Starting at the line that contains "Proof. by apply/matrixP", print every remaining line of the entries, unchanged, and output nothing more.

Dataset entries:
^^^^^^^^
(* Let $\Sigma_2=\{a,b\}$ and $\Sigma_1=\{c\}$. Then: (1) there exists an embedding from $\mathrm{sg}(\Sigma_1)\times\mathrm{sg}(\Sigma_1)$ into $\mathrm{UT}(2,\mathbb{N})$; (2) there exists an embedding from $\mathrm{fg}(\Sigma_2)\times\mathrm{fg}(\Sigma_1)$ into $\mathbb{Q}^{2\times2}$; (3) there exists an embedding from $\mathrm{sg}(\Sigma_2)\times\mathrm{fg}(\Sigma_1)$ into $\mathbb{Z}^{3\times3}$; (4) there exists an embedding from $\mathrm{fg}(\Sigma_2)\times\mathrm{sg}(\Sigma_1)$ into $\mathbb{Z}^{2\times2}$.
   Context: For an alphabet $\Sigma$, $\mathrm{sg}(\Sigma)$ is the free monoid of finite words over $\Sigma$ (including the empty word $\varepsilon$) under concatenation, and $\mathrm{fg}(\Sigma)$ is the free group on $\Sigma$ (reduced words over $\Sigma\cup\Sigma^{-1}$). Products such as $\mathrm{sg}(\Sigma_2)\times\mathrm{fg}(\Sigma_1)$ carry componentwise multiplication. For $\mathbb{K}\in\{\mathbb{N},\mathbb{Z},\mathbb{Q}\}$, $\mathbb{K}^{n\times n}$ is the multiplicative semigroup of $n\times n$ matrices with entries in $\mathbb{K}$, and $\mathrm{UT}(2,\mathbb{N})$ is the semigroup of $2\times2$ upper triangular matrices with entries in $\mathbb{N}$. An embedding is a map $\varphi$ with $\varphi(uv)=\varphi(u)\varphi(v)$ for all $u,v$ that is injective. *)

From HB Require Import structures.
From mathcomp Require Import all_boot all_order all_algebra.
Set Implicit Arguments. Unset Strict Implicit. Unset Printing Implicit Defensive.
Import GRing.Theory.
Local Open Scope ring_scope.

Inductive Sigma2 := sa | sb.
Inductive Sigma1 := sc.

Definition Sigma2_eqb (x y : Sigma2) : bool :=
  match x, y with sa, sa | sb, sb => true | _, _ => false end.
Lemma Sigma2_eqP : Equality.axiom Sigma2_eqb.
Proof. by case; case; constructor. Qed.
HB.instance Definition _ := hasDecEq.Build Sigma2 Sigma2_eqP.

Definition Sigma1_eqb (x y : Sigma1) : bool := true.
Lemma Sigma1_eqP : Equality.axiom Sigma1_eqb.
Proof. by case; case; constructor. Qed.
HB.instance Definition _ := hasDecEq.Build Sigma1 Sigma1_eqP.

Definition sg (S : Type) := seq S.
Definition sg_valid (S : Type) (w : sg S) : Prop := True.
Definition sg_mul (S : Type) (u v : sg S) : sg S := u ++ v.

(** Free group fg(S): words over S ∪ S^{-1}, a letter being (x, e) with
    e = true meaning x^{-1}.  Elements are the reduced words; the product
    is free reduction of the concatenation. *)
Definition fg (S : eqType) := seq (S * bool).

Definition fg_push (S : eqType) (l : S * bool) (w : fg S) : fg S :=
  match w with
  | l' :: w' => if (l'.1 == l.1) && (l'.2 != l.2) then w' else l :: w
  | [::] => [:: l]
  end.

Definition fg_reduce (S : eqType) (w : fg S) : fg S := foldr (@fg_push S) [::] w.

Fixpoint fg_reduced (S : eqType) (w : fg S) : bool :=
  match w with
  | l :: ((l' :: _) as w') =>
      ~~ ((l.1 == l'.1) && (l.2 != l'.2)) && fg_reduced w'
  | _ => true
  end.

Definition fg_valid (S : eqType) (w : fg S) : Prop := fg_reduced w.
Definition fg_mul (S : eqType) (u v : fg S) : fg S := fg_reduce (u ++ v).

Definition prod_valid (A B : Type) (vA : A -> Prop) (vB : B -> Prop)
  (x : A * B) : Prop := vA x.1 /\ vB x.2.
Definition prod_mul (A B : Type) (mA : A -> A -> A) (mB : B -> B -> B)
  (x y : A * B) : A * B := (mA x.1 y.1, mB x.2 y.2).

Definition is_embedding (A M : Type) (vA : A -> Prop) (mA : A -> A -> A)
  (inM : M -> Prop) (mM : M -> M -> M) (phi : A -> M) : Prop :=
  [/\ (forall u, vA u -> inM (phi u)),
      (forall u v, vA u -> vA v -> phi (mA u v) = mM (phi u) (phi v))
    & (forall u v, vA u -> vA v -> phi u = phi v -> u = v)].

Definition is_UT2 (A : 'M[nat]_2) : Prop := A 1 0 = 0%N.

Definition mxmul (R : pzSemiRingType) (n : nat) (A B : 'M[R]_n) : 'M[R]_n := A *m B.

(* The free monoid on one letter is N (word length) and the free group on one
   letter is Z (exponent sum).  The free group on {a, b} embeds in SL(2, Z) by
   Sanov's representation a |-> [[1, 2], [0, 1]], b |-> [[1, 0], [2, 1]], which
   is faithful by a ping-pong argument on the columns of the image matrices.
   Multiplying by a positive scalar 2^k adds a commuting factor N or Z, and k is
   recovered from the determinant 2^(2k); this gives (2) over Q and (4) over Z.
   For (3), a word w over {a, b} acts on the line as x |-> 3^|w| x + code w,
   where code w reads w as a base-3 numeral with nonzero digits; this affine
   block is glued to a unipotent block carrying the exponent sum.  (1) is the
   diagonal map (u, v) |-> diag(2^|u|, 3^|v|). *)

From mathcomp Require Import all_boot all_order all_algebra zify.
Set Implicit Arguments. Unset Strict Implicit. Unset Printing Implicit Defensive.
Import Order.TTheory GRing.Theory Num.Theory.
Local Open Scope ring_scope.

Definition mx22 (R : Type) (a b c d : R) : 'M[R]_2 :=
  \matrix_(i, j) if i == ord0 then (if j == ord0 then a else b)
                 else (if j == ord0 then c else d).

Lemma mx22_eta (R : Type) (A : 'M[R]_2) : A = mx22 (A 0 0) (A 0 1) (A 1 0) (A 1 1).
Proof.
apply/matrixP => -[[|[|//]] ?] [[|[|//]] ?].
all: by rewrite mxE /=; congr (A _ _); apply/val_inj.
Qed.

Lemma mulmx22 (R : pzSemiRingType) (a b c d a' b' c' d' : R) :
  mx22 a b c d *m mx22 a' b' c' d' =
  mx22 (a * a' + b * c') (a * b' + b * d') (c * a' + d * c') (c * b' + d * d').
Proof.
apply/matrixP => -[[|[|//]] ?] [[|[|//]] ?].
all: by rewrite !mxE !big_ord_recr big_ord0 /= !mxE add0r.
Qed.

Lemma mx22_1 (R : pzSemiRingType) : 1 = mx22 1 0 0 (1 : R).
Proof. by apply/matrixP => -[[|[|//]] ?] [[|[|//]] ?]; rewrite !mxE. Qed.

Lemma det_mx22 (R : comPzRingType) (a b c d : R) : \det (mx22 a b c d) = a * d - b * c.
Proof.
rewrite (expand_det_row _ 0) !big_ord_recr big_ord0 /= /cofactor !det_mx11 !mxE /=.
by rewrite add0r expr0 expr1 !mul1r mulN1r mulrN.
Qed.

Lemma fg_reduced_behead (S : eqType) (l : S * bool) w :
  fg_reduced (l :: w) -> fg_reduced w.
Proof. by case: w => //= l' w /andP []. Qed.

Section FreeGroupEval.
Variables (S : eqType) (T : Type) (idx : T) (op : Monoid.law idx).
Variable f : S * bool -> T.
Hypothesis fK : forall s e, op (f (s, e)) (f (s, ~~ e)) = idx.

Definition fg_eval (w : fg S) : T := \big[op/idx]_(l <- w) f l.

Lemma fg_eval_cons l w : fg_eval (l :: w) = op (f l) (fg_eval w).
Proof. exact: big_cons. Qed.

Lemma fg_eval_push l w : fg_eval (fg_push l w) = op (f l) (fg_eval w).
Proof.
case: w => [|[s' e'] w] /=; first by rewrite /fg_eval big_seq1 big_nil Monoid.mulm1.
case: ifP => [/andP [/eqP /= -> /negPf ne]|_]; last exact: fg_eval_cons.
case: l ne => s e /= ne; have -> : e' = ~~ e by case: e e' ne => [] [].
(* the change of the right-hand side aligns the coercion of op with that in fK *)
by rewrite fg_eval_cons Monoid.mulmA -[RHS]/(op (op _ _) _) fK Monoid.mul1m.
Qed.

Lemma fg_eval_mul u v : fg_eval (fg_mul u v) = op (fg_eval u) (fg_eval v).
Proof.
have reduceK w : fg_eval (fg_reduce w) = fg_eval w.
  by elim: w => [|l w IH] //=; rewrite fg_eval_push IH fg_eval_cons.
by rewrite /fg_mul reduceK /fg_eval big_cat.
Qed.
^^^^^^^^
» Written solution
Proof. by apply/matrixP => -[[|[|//]] ?] [[|[|//]] ?]; rewrite !mxE. Qed.

Lemma det_mx22 (R : comPzRingType) (a b c d : R) : \det (mx22 a b c d) = a * d - b * c.
Proof.
rewrite (expand_det_row _ 0) !big_ord_recr big_ord0 /= /cofactor !det_mx11 !mxE /=.
by rewrite add0r expr0 expr1 !mul1r mulN1r mulrN.
Qed.

Lemma fg_reduced_behead (S : eqType) (l : S * bool) w :
  fg_reduced (l :: w) -> fg_reduced w.
Proof. by case: w => //= l' w /andP []. Qed.

Section FreeGroupEval.
Variables (S : eqType) (T : Type) (idx : T) (op : Monoid.law idx).
Variable f : S * bool -> T.
Hypothesis fK : forall s e, op (f (s, e)) (f (s, ~~ e)) = idx.

Definition fg_eval (w : fg S) : T := \big[op/idx]_(l <- w) f l.

Lemma fg_eval_cons l w : fg_eval (l :: w) = op (f l) (fg_eval w).
Proof. exact: big_cons. Qed.

Lemma fg_eval_push l w : fg_eval (fg_push l w) = op (f l) (fg_eval w).
Proof.
case: w => [|[s' e'] w] /=; first by rewrite /fg_eval big_seq1 big_nil Monoid.mulm1.
case: ifP => [/andP [/eqP /= -> /negPf ne]|_]; last exact: fg_eval_cons.
case: l ne => s e /= ne; have -> : e' = ~~ e by case: e e' ne => [] [].
(* the change of the right-hand side aligns the coercion of op with that in fK *)
by rewrite fg_eval_cons Monoid.mulmA -[RHS]/(op (op _ _) _) fK Monoid.mul1m.
Qed.

Lemma fg_eval_mul u v : fg_eval (fg_mul u v) = op (fg_eval u) (fg_eval v).
Proof.
have reduceK w : fg_eval (fg_reduce w) = fg_eval w.
  by elim: w => [|l w IH] //=; rewrite fg_eval_push IH fg_eval_cons.
by rewrite /fg_mul reduceK /fg_eval big_cat.
Qed.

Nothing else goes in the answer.